THE TASK:
For the entries below, print exactly the lines between the line holding "Definition act_poly (R" and the line holding "(forall v, S v ->", inclusive, and nothing else.

=======

Lemma family_join_bigcup h : family_in r Mx h ->
  family_join r Mx h = \bigcup_(G in Mx) h G.
Proof.
move=> hMx; have [join_sub _] := F_iso.
apply/eqP; rewrite eqEsubset sub_cl andbT; apply/subsetP => y yK.
have [G GMx yG] := maxbelow_cover (subsetP (join_sub h hMx) y yK).
by apply/bigcupP; exists G; rewrite // -(family_join_meet hMx GMx) inE yK.
Qed.

Lemma cl_setU1_bigcup_meet h G x G' : family_in r Mx h -> G \in Mx -> x \in G ->
  G' \in Mx ->
  cl r (x |: \bigcup_(G'' in Mx) h G'') :&: G' =
    if G' == G then cl r (x |: h G) else h G'.
Proof.
move=> hMx GMx xG G'Mx.
pose hx G'' := if G'' == G then cl r (x |: h G) else h G''.
have hhx G'' : h G'' \subset hx G''.
  by rewrite /hx; case: eqP => [->|//]; apply: subset_trans _ (sub_cl _ _); apply: subsetU1.
have hxMx : family_in r Mx hx.
  move=> G'' G''Mx; rewrite /hx; case: eqP => [->|_]; last exact: hMx.
  split; first exact: flat_cl.
  rewrite cl_sub_flat ?building_set_flat ?(maxbelow_mem GMx) //.
  by rewrite subUset sub1set xG (hMx G GMx).2.
transitivity (family_join r Mx hx :&: G'); last exact: family_join_meet.
congr (_ :&: _); apply: eq_cl => //.
  apply: subset_trans _ (sub_cl _ _); rewrite subUset sub1set; apply/andP; split.
    apply/bigcupP; exists G; rewrite // /hx eqxx.
    by rewrite (subsetP (sub_cl _ _)) ?setU11.
  by apply/bigcupsP => G'' G''Mx; apply: subset_trans (hhx G'') (bigcup_sup _ G''Mx).
apply/bigcupsP => G'' G''Mx; rewrite /hx; case: eqP => _.
  by rewrite cl_mono // setUS // (bigcup_sup _ GMx).
by apply: subset_trans _ (sub_cl _ _); apply: subset_trans (subsetU1 x _); apply: bigcup_sup.
Qed.

End MaximalBelow.

Variable M : {set {set E}}.
Hypotheses (M_cut : modular_cut r M) (M_atom_free : atom_free r M).
Hypothesis M_compat : compatible Gs M.

Local Notation tr := (trunc r M).

Lemma compatible_cut_neq0 : set0 \notin M.
Proof.
apply/negP => M0; suff /building_set_neq0 : set0 \in Gs by rewrite eqxx.
by apply: M_compat M0 _; apply/forall_inP => G _; rewrite properE sub0set andbF.
Qed.

Let M_neq0 := compatible_cut_neq0.
Let tr_matroid := trunc_matroid r_matroid r_loopless M_cut M_neq0.
Let tr_loopless := trunc_loopless r_matroid r_loopless M_neq0 M_atom_free.
(* Let $n$ be an ambient name and $T_1$ a pure mobile-ambient process. Define the binary predicate $\mathcal{P}^{-|open\ n.T_1}(X,Y)$ on pure processes to hold iff there exist a process $P''$ and a name $m\notin fn(X)$ such that $P''\downarrow_m$, $C'[X]\rightsquigarrow P''\rightsquigarrow Y$ and not $Y\downarrow_m$, where $C'[-]=-\mid open\ n.(m[\mathbf{0}]\mid open\ m.T_1)$. Then $\mathcal{P}^{-|open\ n.T_1}$ is stable under $\sim^{BS}_M$, and for all pure processes $P,P'$: $\mathcal{P}^{-|open\ n.T_1}(P,P')$ holds if and only if $P\xrightarrow{-|open\ n.T_1}_{M_I}P'$.
   Context: Mobile ambients (finite, communication-free fragment). Pure processes $P::=\mathbf{0}\mid n[P]\mid M.P\mid(\nu n)P\mid P_1|P_2$, $M::=in\ n\mid out\ n\mid open\ n$; extended processes also allow process variables $X$ and ambients $x[P]$ with name variables $x$ (each variable at most once). Structural congruence $\equiv$: least congruence with $|$ commutative, associative, unit $\mathbf{0}$; $(\nu n)(\nu m)P\equiv(\nu m)(\nu n)P$; $(\nu n)(P|Q)\equiv P|(\nu n)Q$ if $n\notin fn(P)$; $(\nu n)m[P]\equiv m[(\nu n)P]$ if $n\ne m$; $(\nu n)M.P\equiv M.(\nu n)P$ if $n\notin fn(M)$; $\alpha$-conversion. Reduction $\rightsquigarrow$: least relation closed under $\equiv$, $(\nu n)-$, $n[-]$, $-|R$, generated by $n[in\ m.P|Q]|m[R]\rightsquigarrow m[n[P|Q]|R]$, $m[n[out\ m.P|Q]|R]\rightsquigarrow n[P|Q]|m[R]$, $open\ n.P|n[Q]\rightsquigarrow P|Q$. Barb $P\downarrow_n$ iff $P\equiv(\nu A)(n[Q]|R)$ with $n\notin A$. Barbed saturated bisimilarity $\sim^{BS}_M$ is the largest symmetric relation $\mathcal{R}$ on pure processes such that if $P\,\mathcal{R}\,Q$ then for every (pure, unary) context $C[-]$ and name $n$: $C[P]\downarrow_n$ implies $C[Q]\downarrow_n$, and $C[P]\rightsquigarrow P'$ implies $C[Q]\rightsquigarrow Q'$ for some $Q'$ with $P'\,\mathcal{R}\,Q'$. A predicate $\mathcal{P}(X,Y)$ is stable under $\mathcal{R}$ if whenever $P\,\mathcal{R}\,Q$ and $\mathcal{P}(P,P')$ there is $Q'$ with $\mathcal{P}(Q,Q')$ and $P'\,\mathcal{R}\,Q'$. The only rule of the transition system $M$ producing labels of shape $-|open\ n.X_1$ is (CoOpen): if $P\equiv(\nu A)(n[P_1]|P_2)$ with $n\notin A$ then $P\xrightarrow{-|open\ n.X_1}(\nu A)(P_1|X_1|P_2)$. $M_I$ instantiates variables: $P\xrightarrow{C[-]}_{M_I}Q$ iff $P\xrightarrow{C_\epsilon[-]}Q_\epsilon$ in $M$ and for some capture-avoiding substitution $\sigma$ of pure processes/names for variables, $Q_\epsilon\sigma\equiv Q$ and $C_\epsilon[-]\sigma=C[-]$. Thus $P\xrightarrow{-|open\ n.T_1}_{M_I}P'$ iff $P\equiv(\nu A)(n[P_1]|P_2)$, $n\notin A$, and $P'\equiv(\nu A)(P_1|T_1|P_2)$ (after $\alpha$-converting $A$ away from $fn(T_1)$). *)

From Stdlib Require Import List Arith.
Import ListNotations.
(* Let $n\ge1$ and $N\ge n$. (i) For every integer $c$ with $0\le c\le\lfloor n/2\rfloor$, the dimension of the space of $S_n$-invariant homogeneous polynomials of degree $c$ on $\mathbb R^{n\times n}$ equals the dimension of the space of $S_N$-invariant homogeneous polynomials of degree $c$ on $\mathbb R^{N\times N}$. (ii) For every integer $c$ with $0\le c\le\lfloor n/2\rfloor-1$, the dimension of the space of $S_n$-equivariant polynomial maps $\mathbb R^{n\times n}\to\mathbb R^{n\times n}$ with homogeneous components of degree $c$ equals the corresponding dimension for $S_N$ acting on $\mathbb R^{N\times N}$.
   Context: $S_n$ acts on $\mathbb R^{n\times n}$ by $(g\cdot X)_{ij}=X_{g^{-1}(i),g^{-1}(j)}$. A polynomial $p$ is invariant if $p(g\cdot X)=p(X)$ for all $g$; a polynomial map $P$ is equivariant if $P(g\cdot X)=g\cdot P(X)$ for all $g$. *)

From mathcomp Require Import all_boot all_order all_algebra all_fingroup.
From mathcomp Require Import mpoly.
From mathcomp Require Import reals.
Set Implicit Arguments. Unset Strict Implicit. Unset Printing Implicit Defensive.
Import GRing.Theory.
Local Open Scope ring_scope.

(* Variables of a polynomial on n x n matrices: one variable X_(i,j) per entry,
   indexed by the finite type 'I_n * 'I_n (through enum_rank). *)
Definition nvar (n : nat) : nat := #|{: 'I_n * 'I_n}|.
Definition var_of (n : nat) (i j : 'I_n) : 'I_(nvar n) := enum_rank (i, j).

Definition matpoly (R : realType) (n : nat) := {mpoly R[nvar n]}.

(* The substitution X_(i,j) |-> X_(g^-1 i, g^-1 j): for a polynomial p,
   act_poly g p is the polynomial X |-> p (g . X), where
   (g . X)_(i,j) = X_(g^-1 i, g^-1 j). *)
Definition subst_tuple (R : realType) (n : nat) (g : 'S_n) :
  (nvar n).-tuple {mpoly R[nvar n]} :=
  [tuple 'X_(let ij := enum_val k in var_of (g^-1 ij.1)%g (g^-1 ij.2)%g)
   | k < nvar n].
Definition act_poly (R : realType) (n : nat) (g : 'S_n) (p : matpoly R n)
  : matpoly R n := p \mPo subst_tuple R g.

Definition inv_hom (R : realType) (n c : nat) (p : matpoly R n) : Prop :=
  p \is c.-homog /\ forall g : 'S_n, act_poly g p = p.

Definition polymap (R : realType) (n : nat) := {ffun 'I_n * 'I_n -> matpoly R n}.

(* S_n-equivariant polynomial maps whose components are homogeneous of degree c:
   P (g . X) = g . P(X), i.e. P_(i,j)(g . X) = P_(g^-1 i, g^-1 j)(X). *)
Definition equiv_hom (R : realType) (n c : nat) (P : polymap R n) : Prop :=
  (forall ij, P ij \is c.-homog) /\
  forall (g : 'S_n) (i j : 'I_n), act_poly g (P (i, j)) = P ((g^-1 i)%g, (g^-1 j)%g).

Definition has_dim (R : realType) (V : lmodType R) (S : V -> Prop) (d : nat) : Prop :=
  exists b : 'I_d -> V,
    [/\ forall i, S (b i),
        (forall a : 'I_d -> R, \sum_(i < d) a i *: b i = 0 -> forall i, a i = 0) &
        (forall v, S v -> exists a : 'I_d -> R, v = \sum_(i < d) a i *: b i)].

(* A homogeneous polynomial of degree c on n x n matrices is determined by its
   coefficients on the monomials X^m, m an n x n exponent matrix of total degree c,
   and it is S_n-invariant iff these coefficients are constant on S_n-orbits of
   exponent matrices; likewise an equivariant map is a function of (output entry,
   exponent matrix) constant on S_n-orbits. So both dimensions count orbits of
   configurations: an exponent matrix, possibly with a marked entry. A configuration
   of degree c involves at most 2c indices, plus 2 for the mark. When this is at
   most n, every S_N-orbit contains configurations supported in {0, ..., n-1}, and
   two of these are S_N-conjugate iff they are S_n-conjugate, since a conjugating
   permutation only matters on the support and can be restricted to it. Hence the
   orbits for n and for N are in bijection. *)

From mathcomp Require Import all_boot all_order all_algebra all_fingroup.
From mathcomp Require Import mpoly.
From mathcomp Require Import reals.
Set Implicit Arguments. Unset Strict Implicit. Unset Printing Implicit Defensive.
Import GRing.Theory.

Lemma perm_extend (T : finType) (s : seq T) (f : T -> T) :
  {in s &, injective f} -> exists p : {perm T}, {in s, p =1 f}.
Proof.
elim: s => [|a s IHs] f_inj; first by exists 1%g.
have [|p pE] := IHs; first by move=> x y xs ys; apply: f_inj; rewrite inE ?xs ?ys orbT.
have [a_s|a_s] := boolP (a \in s).
  by exists p => x; rewrite inE => /predU1P [->|]; apply: pE.
exists (p * tperm (p a) (f a))%g => x; rewrite inE permM => /predU1P [->|xs].
  by rewrite tpermL.
have xa : x != a by apply: contraNneq a_s => <-.
have fxa : f x != f a.
  by apply: contra xa => /eqP /f_inj; rewrite !inE eqxx xs orbT => /(_ isT isT) ->.
rewrite (pE x xs) tpermD // 1?eq_sym //.
by rewrite -(pE x xs) (inj_eq perm_inj).
Qed.

Section ClassFunctions.
Local Open Scope ring_scope.
Variables (R : realType) (V : lmodType R) (T K : finType).
Variables (coord : (T -> R) -> V) (cl : T -> K).
Hypothesis coord_ext : forall f g, f =1 g -> coord f = coord g.
Hypothesis coord_sum : forall (d : nat) (a : 'I_d -> R) (F : 'I_d -> T -> R),
  coord (fun t => \sum_(i < d) a i * F i t) = \sum_(i < d) a i *: coord (F i).
Hypothesis coord_eq0 : forall f, coord f = 0 -> f =1 (fun=> 0).

Lemma has_dim_class_functions (S : V -> Prop) :
  (forall v, S v <-> exists2 f, v = coord f & forall t t', cl t = cl t' -> f t = f t') ->
  has_dim S #|[set cl t | t in T]|.
Proof.
move=> SE; set I := [set cl t | t in T].
have clI t : cl t \in I by apply: imset_f.
pose rank t := enum_rank_in (clI t) (cl t).
have rankE t k : (cl t == enum_val k) = (rank t == k).
  apply/eqP/eqP => [tk|<-]; last by rewrite enum_rankK_in.
  by apply/enum_val_inj; rewrite enum_rankK_in.
have sum_ind (a : 'I_#|I| -> R) t :
    \sum_(k < #|I|) a k * (cl t == enum_val k)%:R = a (rank t).
  rewrite (bigD1 (rank t)) //= rankE eqxx mulr1 big1 ?addr0 // => k.
  by rewrite rankE eq_sym => /negbTE ->; rewrite mulr0.
exists (fun k => coord (fun t => (cl t == enum_val k)%:R)); split.
- by move=> k; apply/SE; exists (fun t => (cl t == enum_val k)%:R) => // t t' ->.
- move=> a /(etrans (coord_sum _ _))/coord_eq0 a0 k.
  have /imsetP [t _ tk] := enum_valP k.
  have := a0 t; rewrite /= sum_ind; congr (a _ = 0).
  by apply/eqP; rewrite -rankE tk.
- move=> v /SE [f -> fE].
  exists (fun k => if [pick t | cl t == enum_val k] is Some t then f t else 0).
  rewrite -coord_sum; apply: coord_ext => t; rewrite sum_ind.
  case: pickP => [t' /eqP t'E|/(_ t)]; last by rewrite rankE eqxx.
  by apply: fE; rewrite t'E enum_rankK_in.
Qed.

End ClassFunctions.

Section MatrixMonomials.
Variable n : nat.
Implicit Types (m : 'X_{1..nvar n}) (g h : 'S_n).

Definition mentry m (i j : 'I_n) : nat := m (var_of i j).

Definition mnm_of_entries (F : 'I_n -> 'I_n -> nat) : 'X_{1..nvar n} :=
  [multinom F (enum_val k).1 (enum_val k).2 | k < nvar n].

Lemma mentry_of_entries F i j : mentry (mnm_of_entries F) i j = F i j.
Proof. by rewrite /mentry mnmE /var_of enum_rankK. Qed.

Lemma mentry_inj m m' : (forall i j, mentry m i j = mentry m' i j) -> m = m'.
Proof.
move=> mm'; apply/mnmP=> k; have := mm' (enum_val k).1 (enum_val k).2.
by rewrite /mentry /var_of -surjective_pairing enum_valK.
Qed.

Lemma mdeg_mentry m : mdeg m = (\sum_i \sum_j mentry m i j)%N.
Proof.
rewrite mdegE pair_bigA /= (reindex (@enum_rank _)) /=; last first.
  by exists enum_val => x _; [rewrite enum_rankK | rewrite enum_valK].
by apply: eq_bigr => -[i j].
Qed.

Definition var_perm_fun g (k : 'I_(nvar n)) : 'I_(nvar n) :=
  var_of (g^-1 (enum_val k).1)%g (g^-1 (enum_val k).2)%g.

Lemma var_perm_fun_inj g : injective (var_perm_fun g).
Proof.
move=> k k' /enum_rank_inj [/perm_inj E1 /perm_inj E2].
by apply: enum_val_inj; rewrite [enum_val k]surjective_pairing E1 E2 -surjective_pairing.
Qed.

Definition var_perm g : 'S_(nvar n) := perm (@var_perm_fun_inj g).

Definition mnm_act g m : 'X_{1..nvar n} := [multinom m (var_perm g k) | k < nvar n].

Lemma mentry_mnm_act g m i j : mentry (mnm_act g m) i j = mentry m (g^-1 i)%g (g^-1 j)%g.
Proof. by rewrite /mentry mnmE permE /var_perm_fun /var_of enum_rankK. Qed.

Lemma mdeg_mnm_act g m : mdeg (mnm_act g m) = mdeg m.
Proof. exact: mdeg_mperm. Qed.

Lemma mnm_actM g h m : mnm_act h (mnm_act g m) = mnm_act (g * h)%g m.
Proof. by apply: mentry_inj => i j; rewrite !mentry_mnm_act invMg !permM. Qed.

Lemma mnm_act1 m : mnm_act 1%g m = m.
Proof. by apply: mentry_inj => i j; rewrite mentry_mnm_act invg1 !perm1. Qed.

Lemma mcoeff_act_poly (R : realType) g (p : matpoly R n) m :
  ((act_poly g p)@_m = p@_(mnm_act g m))%R.
Proof.
suff -> : act_poly g p = msym (var_perm g) p by rewrite mcoeff_sym.
rewrite -[msym _ p]comp_mpoly_id msym_mPo /act_poly; congr (_ \mPo _).
by apply: eq_from_tnth => k; rewrite !tnth_map !tnth_ord_tuple permE.
Qed.

End MatrixMonomials.

Section HomogeneousCoordinates.
Variables (R : realType) (n c : nat).
Local Open Scope ring_scope.

(* The bound c.+1 only serves to make the type of exponents of degree c finite. *)
Definition dmnm : finType := {m : bmultinom (nvar n) c.+1 | mdeg m == c}.

Definition dmnm_val (t : dmnm) : 'X_{1..nvar n} := val (val t).

Lemma dmnm_val_inj : injective dmnm_val.
Proof. by move=> t t' /val_inj /val_inj. Qed.

Lemma mdeg_dmnm t : mdeg (dmnm_val t) = c.
Proof. exact/eqP/(valP t). Qed.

=======

ANSWER TO THE EXERCISE:
Definition act_poly (R : realType) (n : nat) (g : 'S_n) (p : matpoly R n)
  : matpoly R n := p \mPo subst_tuple R g.

Definition inv_hom (R : realType) (n c : nat) (p : matpoly R n) : Prop :=
  p \is c.-homog /\ forall g : 'S_n, act_poly g p = p.

Definition polymap (R : realType) (n : nat) := {ffun 'I_n * 'I_n -> matpoly R n}.

(* S_n-equivariant polynomial maps whose components are homogeneous of degree c:
   P (g . X) = g . P(X), i.e. P_(i,j)(g . X) = P_(g^-1 i, g^-1 j)(X). *)
Definition equiv_hom (R : realType) (n c : nat) (P : polymap R n) : Prop :=
  (forall ij, P ij \is c.-homog) /\
  forall (g : 'S_n) (i j : 'I_n), act_poly g (P (i, j)) = P ((g^-1 i)%g, (g^-1 j)%g).

Definition has_dim (R : realType) (V : lmodType R) (S : V -> Prop) (d : nat) : Prop :=
  exists b : 'I_d -> V,
    [/\ forall i, S (b i),
        (forall a : 'I_d -> R, \sum_(i < d) a i *: b i = 0 -> forall i, a i = 0) &
        (forall v, S v -> exists a : 'I_d -> R, v = \sum_(i < d) a i *: b i)].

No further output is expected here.